Top of Given data

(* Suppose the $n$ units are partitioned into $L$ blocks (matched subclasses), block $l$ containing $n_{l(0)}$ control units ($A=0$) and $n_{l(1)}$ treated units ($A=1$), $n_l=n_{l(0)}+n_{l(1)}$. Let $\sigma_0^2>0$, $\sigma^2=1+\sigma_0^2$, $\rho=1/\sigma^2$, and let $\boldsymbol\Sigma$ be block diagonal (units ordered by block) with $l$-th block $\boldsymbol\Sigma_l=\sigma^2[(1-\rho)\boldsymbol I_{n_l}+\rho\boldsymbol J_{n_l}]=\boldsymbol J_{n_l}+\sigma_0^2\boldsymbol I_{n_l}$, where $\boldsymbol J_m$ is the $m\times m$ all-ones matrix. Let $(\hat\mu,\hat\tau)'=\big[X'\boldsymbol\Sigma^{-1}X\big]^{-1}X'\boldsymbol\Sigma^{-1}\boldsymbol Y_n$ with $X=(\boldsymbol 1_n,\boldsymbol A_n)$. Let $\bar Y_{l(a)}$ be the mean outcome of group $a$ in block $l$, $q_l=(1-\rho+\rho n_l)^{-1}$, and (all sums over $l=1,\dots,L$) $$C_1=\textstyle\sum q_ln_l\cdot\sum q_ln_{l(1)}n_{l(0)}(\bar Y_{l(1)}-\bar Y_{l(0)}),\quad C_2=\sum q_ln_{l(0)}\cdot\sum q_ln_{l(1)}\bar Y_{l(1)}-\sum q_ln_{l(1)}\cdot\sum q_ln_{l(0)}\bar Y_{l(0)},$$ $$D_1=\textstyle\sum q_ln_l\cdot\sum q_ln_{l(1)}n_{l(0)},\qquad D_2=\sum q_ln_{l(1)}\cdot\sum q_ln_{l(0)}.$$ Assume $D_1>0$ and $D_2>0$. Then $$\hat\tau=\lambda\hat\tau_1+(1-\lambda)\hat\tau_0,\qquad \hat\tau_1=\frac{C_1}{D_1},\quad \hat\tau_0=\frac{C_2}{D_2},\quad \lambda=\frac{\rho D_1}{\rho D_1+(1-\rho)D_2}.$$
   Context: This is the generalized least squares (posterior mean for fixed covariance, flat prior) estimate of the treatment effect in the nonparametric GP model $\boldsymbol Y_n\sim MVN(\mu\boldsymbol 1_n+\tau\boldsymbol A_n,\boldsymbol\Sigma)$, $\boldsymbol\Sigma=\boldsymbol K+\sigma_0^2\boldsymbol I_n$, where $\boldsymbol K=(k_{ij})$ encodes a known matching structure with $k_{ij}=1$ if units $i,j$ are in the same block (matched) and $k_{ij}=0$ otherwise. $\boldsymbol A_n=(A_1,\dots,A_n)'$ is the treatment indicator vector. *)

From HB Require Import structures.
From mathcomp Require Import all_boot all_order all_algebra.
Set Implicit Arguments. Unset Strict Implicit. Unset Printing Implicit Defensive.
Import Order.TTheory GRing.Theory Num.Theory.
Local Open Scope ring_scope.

Bottom of Given data
Top of Given data

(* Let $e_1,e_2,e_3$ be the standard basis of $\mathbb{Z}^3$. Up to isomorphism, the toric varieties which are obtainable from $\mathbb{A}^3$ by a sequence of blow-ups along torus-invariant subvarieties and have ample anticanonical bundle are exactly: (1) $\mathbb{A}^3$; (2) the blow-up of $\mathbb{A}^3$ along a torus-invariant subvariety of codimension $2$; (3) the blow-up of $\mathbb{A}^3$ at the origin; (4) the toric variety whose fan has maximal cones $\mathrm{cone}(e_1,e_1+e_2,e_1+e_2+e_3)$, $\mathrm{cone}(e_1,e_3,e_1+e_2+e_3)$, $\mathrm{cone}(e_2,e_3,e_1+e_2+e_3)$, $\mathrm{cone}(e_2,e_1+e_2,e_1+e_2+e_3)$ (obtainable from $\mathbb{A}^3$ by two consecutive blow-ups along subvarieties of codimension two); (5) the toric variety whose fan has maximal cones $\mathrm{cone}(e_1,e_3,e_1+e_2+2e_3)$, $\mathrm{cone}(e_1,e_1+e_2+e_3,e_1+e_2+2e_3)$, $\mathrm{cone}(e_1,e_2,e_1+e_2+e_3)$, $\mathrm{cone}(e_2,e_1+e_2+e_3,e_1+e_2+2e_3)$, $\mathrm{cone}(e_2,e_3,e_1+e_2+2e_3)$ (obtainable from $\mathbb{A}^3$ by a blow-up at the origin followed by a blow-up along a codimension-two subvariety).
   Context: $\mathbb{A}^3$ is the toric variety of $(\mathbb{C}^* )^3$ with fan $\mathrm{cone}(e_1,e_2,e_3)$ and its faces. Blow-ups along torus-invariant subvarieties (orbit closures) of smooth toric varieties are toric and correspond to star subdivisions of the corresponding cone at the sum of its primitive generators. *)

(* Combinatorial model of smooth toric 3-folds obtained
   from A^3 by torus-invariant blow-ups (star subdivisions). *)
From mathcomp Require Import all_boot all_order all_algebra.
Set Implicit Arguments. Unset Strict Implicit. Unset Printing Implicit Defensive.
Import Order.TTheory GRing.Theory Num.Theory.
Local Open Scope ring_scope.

Bottom of Given data
Top of Given data

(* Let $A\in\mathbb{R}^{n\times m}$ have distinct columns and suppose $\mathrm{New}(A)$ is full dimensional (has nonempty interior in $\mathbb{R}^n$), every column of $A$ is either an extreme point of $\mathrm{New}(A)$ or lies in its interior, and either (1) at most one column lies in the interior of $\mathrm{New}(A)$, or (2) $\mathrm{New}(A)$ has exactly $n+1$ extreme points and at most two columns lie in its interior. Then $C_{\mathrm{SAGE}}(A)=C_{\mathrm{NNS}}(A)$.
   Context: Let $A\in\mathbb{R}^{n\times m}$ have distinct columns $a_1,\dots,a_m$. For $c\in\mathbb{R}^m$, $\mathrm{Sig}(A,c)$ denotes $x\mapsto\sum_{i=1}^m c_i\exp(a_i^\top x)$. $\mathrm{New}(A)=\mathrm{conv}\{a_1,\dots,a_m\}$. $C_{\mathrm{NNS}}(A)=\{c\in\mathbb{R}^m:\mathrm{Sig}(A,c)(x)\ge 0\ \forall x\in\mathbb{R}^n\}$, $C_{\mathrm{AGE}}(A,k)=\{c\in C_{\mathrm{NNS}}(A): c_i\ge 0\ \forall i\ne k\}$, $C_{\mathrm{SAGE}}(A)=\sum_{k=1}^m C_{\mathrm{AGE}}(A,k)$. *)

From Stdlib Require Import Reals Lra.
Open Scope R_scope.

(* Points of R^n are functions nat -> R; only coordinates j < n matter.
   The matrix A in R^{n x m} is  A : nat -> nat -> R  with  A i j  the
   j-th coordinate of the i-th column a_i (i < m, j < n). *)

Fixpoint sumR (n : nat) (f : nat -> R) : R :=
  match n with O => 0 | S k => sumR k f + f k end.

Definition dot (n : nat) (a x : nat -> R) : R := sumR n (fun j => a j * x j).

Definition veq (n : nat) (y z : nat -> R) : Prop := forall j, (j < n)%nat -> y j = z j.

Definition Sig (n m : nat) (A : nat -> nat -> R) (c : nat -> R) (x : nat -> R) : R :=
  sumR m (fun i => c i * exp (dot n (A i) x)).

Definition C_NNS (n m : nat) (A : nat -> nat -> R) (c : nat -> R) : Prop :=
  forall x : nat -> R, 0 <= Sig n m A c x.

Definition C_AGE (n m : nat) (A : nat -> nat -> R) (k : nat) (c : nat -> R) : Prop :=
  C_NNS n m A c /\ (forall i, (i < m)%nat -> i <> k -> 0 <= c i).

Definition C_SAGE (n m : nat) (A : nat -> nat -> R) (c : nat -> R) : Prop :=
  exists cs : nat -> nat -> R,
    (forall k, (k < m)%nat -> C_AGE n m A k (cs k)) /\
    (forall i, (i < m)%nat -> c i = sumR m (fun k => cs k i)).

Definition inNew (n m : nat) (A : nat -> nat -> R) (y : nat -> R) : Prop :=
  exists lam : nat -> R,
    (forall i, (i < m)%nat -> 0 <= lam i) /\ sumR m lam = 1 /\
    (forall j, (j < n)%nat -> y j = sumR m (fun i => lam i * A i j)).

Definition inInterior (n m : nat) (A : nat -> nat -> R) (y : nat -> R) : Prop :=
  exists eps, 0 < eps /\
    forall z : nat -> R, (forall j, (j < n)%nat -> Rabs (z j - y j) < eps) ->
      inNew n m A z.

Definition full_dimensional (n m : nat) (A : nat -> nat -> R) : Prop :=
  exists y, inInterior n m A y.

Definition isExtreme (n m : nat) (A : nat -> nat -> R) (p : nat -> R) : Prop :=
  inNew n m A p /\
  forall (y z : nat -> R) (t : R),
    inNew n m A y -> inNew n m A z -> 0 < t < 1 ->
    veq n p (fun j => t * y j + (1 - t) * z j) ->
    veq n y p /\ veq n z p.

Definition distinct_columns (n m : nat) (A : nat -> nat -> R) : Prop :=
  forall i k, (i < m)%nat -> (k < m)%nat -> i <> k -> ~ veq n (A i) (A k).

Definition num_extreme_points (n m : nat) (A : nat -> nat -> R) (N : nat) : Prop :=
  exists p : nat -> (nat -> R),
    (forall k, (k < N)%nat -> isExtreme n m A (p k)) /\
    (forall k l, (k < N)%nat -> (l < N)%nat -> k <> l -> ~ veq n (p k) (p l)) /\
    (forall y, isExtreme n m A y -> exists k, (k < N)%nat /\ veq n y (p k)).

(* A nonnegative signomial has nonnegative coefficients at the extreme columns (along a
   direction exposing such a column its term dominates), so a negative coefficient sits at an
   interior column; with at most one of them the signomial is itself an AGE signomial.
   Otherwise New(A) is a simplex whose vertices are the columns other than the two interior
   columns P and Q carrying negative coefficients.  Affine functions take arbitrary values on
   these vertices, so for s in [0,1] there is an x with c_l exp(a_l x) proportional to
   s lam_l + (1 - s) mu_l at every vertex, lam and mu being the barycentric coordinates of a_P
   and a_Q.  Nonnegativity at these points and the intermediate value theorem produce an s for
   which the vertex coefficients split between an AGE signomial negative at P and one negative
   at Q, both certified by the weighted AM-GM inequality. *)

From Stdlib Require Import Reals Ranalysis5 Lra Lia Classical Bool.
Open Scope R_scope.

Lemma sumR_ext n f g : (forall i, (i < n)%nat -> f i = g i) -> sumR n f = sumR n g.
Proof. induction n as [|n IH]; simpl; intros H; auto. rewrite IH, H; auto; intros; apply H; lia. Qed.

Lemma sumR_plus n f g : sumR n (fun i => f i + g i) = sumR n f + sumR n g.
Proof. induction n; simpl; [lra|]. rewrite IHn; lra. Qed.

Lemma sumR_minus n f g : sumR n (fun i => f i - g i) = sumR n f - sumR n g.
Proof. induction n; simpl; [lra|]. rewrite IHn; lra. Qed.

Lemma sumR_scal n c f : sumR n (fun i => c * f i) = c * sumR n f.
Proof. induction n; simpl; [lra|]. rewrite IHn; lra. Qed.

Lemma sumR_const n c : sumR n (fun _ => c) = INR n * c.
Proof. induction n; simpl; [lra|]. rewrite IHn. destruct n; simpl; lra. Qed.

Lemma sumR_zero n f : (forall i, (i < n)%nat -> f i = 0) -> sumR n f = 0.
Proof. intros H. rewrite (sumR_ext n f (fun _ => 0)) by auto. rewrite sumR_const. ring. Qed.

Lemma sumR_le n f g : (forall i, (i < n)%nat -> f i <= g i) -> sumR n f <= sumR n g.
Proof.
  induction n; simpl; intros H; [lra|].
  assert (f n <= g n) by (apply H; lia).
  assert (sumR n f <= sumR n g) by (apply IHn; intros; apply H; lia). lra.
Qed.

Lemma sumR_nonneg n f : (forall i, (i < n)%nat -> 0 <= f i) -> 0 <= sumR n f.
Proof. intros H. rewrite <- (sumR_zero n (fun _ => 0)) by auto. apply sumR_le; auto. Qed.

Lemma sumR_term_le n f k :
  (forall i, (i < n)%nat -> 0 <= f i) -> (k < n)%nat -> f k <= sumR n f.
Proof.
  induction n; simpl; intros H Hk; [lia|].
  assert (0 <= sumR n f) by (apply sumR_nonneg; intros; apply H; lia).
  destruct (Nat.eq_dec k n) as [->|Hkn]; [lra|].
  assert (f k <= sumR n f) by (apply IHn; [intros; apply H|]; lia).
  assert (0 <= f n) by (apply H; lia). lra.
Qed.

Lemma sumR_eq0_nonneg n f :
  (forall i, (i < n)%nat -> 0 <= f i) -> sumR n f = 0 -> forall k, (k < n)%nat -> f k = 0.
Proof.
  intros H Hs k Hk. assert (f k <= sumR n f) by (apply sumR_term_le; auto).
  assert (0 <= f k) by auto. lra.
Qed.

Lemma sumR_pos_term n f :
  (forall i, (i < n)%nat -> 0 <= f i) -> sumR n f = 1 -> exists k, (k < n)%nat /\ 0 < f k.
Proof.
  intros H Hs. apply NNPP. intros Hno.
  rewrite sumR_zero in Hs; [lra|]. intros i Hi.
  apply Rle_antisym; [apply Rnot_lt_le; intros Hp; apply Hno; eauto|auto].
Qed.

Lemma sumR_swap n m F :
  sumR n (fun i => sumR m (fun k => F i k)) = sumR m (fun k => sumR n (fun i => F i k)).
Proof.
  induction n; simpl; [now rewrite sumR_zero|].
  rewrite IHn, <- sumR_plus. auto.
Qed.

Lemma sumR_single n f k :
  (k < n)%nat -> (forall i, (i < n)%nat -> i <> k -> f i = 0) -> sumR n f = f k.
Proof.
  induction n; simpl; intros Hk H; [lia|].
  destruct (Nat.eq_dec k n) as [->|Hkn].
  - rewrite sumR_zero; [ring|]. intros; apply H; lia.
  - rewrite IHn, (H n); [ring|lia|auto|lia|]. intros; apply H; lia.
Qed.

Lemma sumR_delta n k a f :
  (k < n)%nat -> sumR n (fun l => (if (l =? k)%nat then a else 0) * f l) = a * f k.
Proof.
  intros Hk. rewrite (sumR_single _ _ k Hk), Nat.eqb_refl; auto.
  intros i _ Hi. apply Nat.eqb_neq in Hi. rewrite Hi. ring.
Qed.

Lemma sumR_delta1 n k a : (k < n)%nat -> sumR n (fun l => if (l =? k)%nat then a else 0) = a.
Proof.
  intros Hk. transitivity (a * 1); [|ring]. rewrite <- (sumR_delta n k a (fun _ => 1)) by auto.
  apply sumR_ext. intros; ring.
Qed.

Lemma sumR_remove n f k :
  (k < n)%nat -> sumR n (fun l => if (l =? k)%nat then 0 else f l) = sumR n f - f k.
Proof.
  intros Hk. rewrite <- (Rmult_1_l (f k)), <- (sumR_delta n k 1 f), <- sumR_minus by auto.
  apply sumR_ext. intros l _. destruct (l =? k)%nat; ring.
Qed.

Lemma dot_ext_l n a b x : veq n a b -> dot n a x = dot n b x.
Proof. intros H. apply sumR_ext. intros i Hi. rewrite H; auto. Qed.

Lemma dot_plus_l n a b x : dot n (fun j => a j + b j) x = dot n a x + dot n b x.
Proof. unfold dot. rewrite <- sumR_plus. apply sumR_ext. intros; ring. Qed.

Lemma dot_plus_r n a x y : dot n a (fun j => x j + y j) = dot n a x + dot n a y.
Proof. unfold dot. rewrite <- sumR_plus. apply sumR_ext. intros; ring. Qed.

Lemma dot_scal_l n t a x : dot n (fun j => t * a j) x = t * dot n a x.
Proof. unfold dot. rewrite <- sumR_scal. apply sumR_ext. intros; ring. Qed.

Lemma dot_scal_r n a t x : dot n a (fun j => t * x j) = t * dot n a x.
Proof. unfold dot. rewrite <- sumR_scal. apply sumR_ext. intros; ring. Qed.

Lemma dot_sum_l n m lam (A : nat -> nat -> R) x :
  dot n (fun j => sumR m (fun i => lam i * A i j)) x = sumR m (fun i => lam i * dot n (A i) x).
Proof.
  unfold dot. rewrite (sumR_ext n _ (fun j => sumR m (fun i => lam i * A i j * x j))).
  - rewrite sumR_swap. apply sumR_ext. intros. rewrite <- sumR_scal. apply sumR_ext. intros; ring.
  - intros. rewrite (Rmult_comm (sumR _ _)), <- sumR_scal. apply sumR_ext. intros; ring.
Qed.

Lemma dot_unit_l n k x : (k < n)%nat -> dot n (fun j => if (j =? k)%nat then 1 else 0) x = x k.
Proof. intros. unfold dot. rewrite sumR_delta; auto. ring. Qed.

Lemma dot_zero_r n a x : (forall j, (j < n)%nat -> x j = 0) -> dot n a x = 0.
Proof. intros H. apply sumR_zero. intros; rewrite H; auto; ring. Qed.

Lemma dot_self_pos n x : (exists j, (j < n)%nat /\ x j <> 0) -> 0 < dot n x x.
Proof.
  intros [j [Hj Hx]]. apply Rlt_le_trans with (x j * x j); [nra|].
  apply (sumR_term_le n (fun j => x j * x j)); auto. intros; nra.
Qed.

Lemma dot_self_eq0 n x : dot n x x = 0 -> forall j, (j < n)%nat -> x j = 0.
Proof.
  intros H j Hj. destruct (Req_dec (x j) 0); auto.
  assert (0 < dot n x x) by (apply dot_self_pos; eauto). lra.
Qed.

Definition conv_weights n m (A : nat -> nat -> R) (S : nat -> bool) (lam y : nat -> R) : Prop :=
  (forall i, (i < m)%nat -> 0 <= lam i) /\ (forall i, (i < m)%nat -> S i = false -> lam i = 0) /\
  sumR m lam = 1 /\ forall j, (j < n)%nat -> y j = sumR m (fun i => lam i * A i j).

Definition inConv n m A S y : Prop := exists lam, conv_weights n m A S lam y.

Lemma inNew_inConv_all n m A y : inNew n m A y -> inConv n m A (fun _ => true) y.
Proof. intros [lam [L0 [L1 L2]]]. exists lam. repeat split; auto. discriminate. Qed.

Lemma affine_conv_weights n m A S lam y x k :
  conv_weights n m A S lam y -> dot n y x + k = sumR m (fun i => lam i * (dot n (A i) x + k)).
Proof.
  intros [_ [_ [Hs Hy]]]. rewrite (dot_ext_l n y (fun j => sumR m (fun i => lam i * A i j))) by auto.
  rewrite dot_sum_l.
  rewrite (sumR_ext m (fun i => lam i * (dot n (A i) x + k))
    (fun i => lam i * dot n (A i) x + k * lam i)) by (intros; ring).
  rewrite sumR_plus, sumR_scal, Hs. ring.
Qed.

Bottom of Given data

#### Your task
What you return must be an exact retyping of the lines above starting at the line with "induction n; simpl; [now" and ending at the line with "intros Hk. rewrite (sumR_single", and nothing besides.

#### Worked solution
  induction n; simpl; [now rewrite sumR_zero|].
  rewrite IHn, <- sumR_plus. auto.
Qed.

Lemma sumR_single n f k :
  (k < n)%nat -> (forall i, (i < n)%nat -> i <> k -> f i = 0) -> sumR n f = f k.
Proof.
  induction n; simpl; intros Hk H; [lia|].
  destruct (Nat.eq_dec k n) as [->|Hkn].
  - rewrite sumR_zero; [ring|]. intros; apply H; lia.
  - rewrite IHn, (H n); [ring|lia|auto|lia|]. intros; apply H; lia.
Qed.

Lemma sumR_delta n k a f :
  (k < n)%nat -> sumR n (fun l => (if (l =? k)%nat then a else 0) * f l) = a * f k.
Proof.
  intros Hk. rewrite (sumR_single _ _ k Hk), Nat.eqb_refl; auto.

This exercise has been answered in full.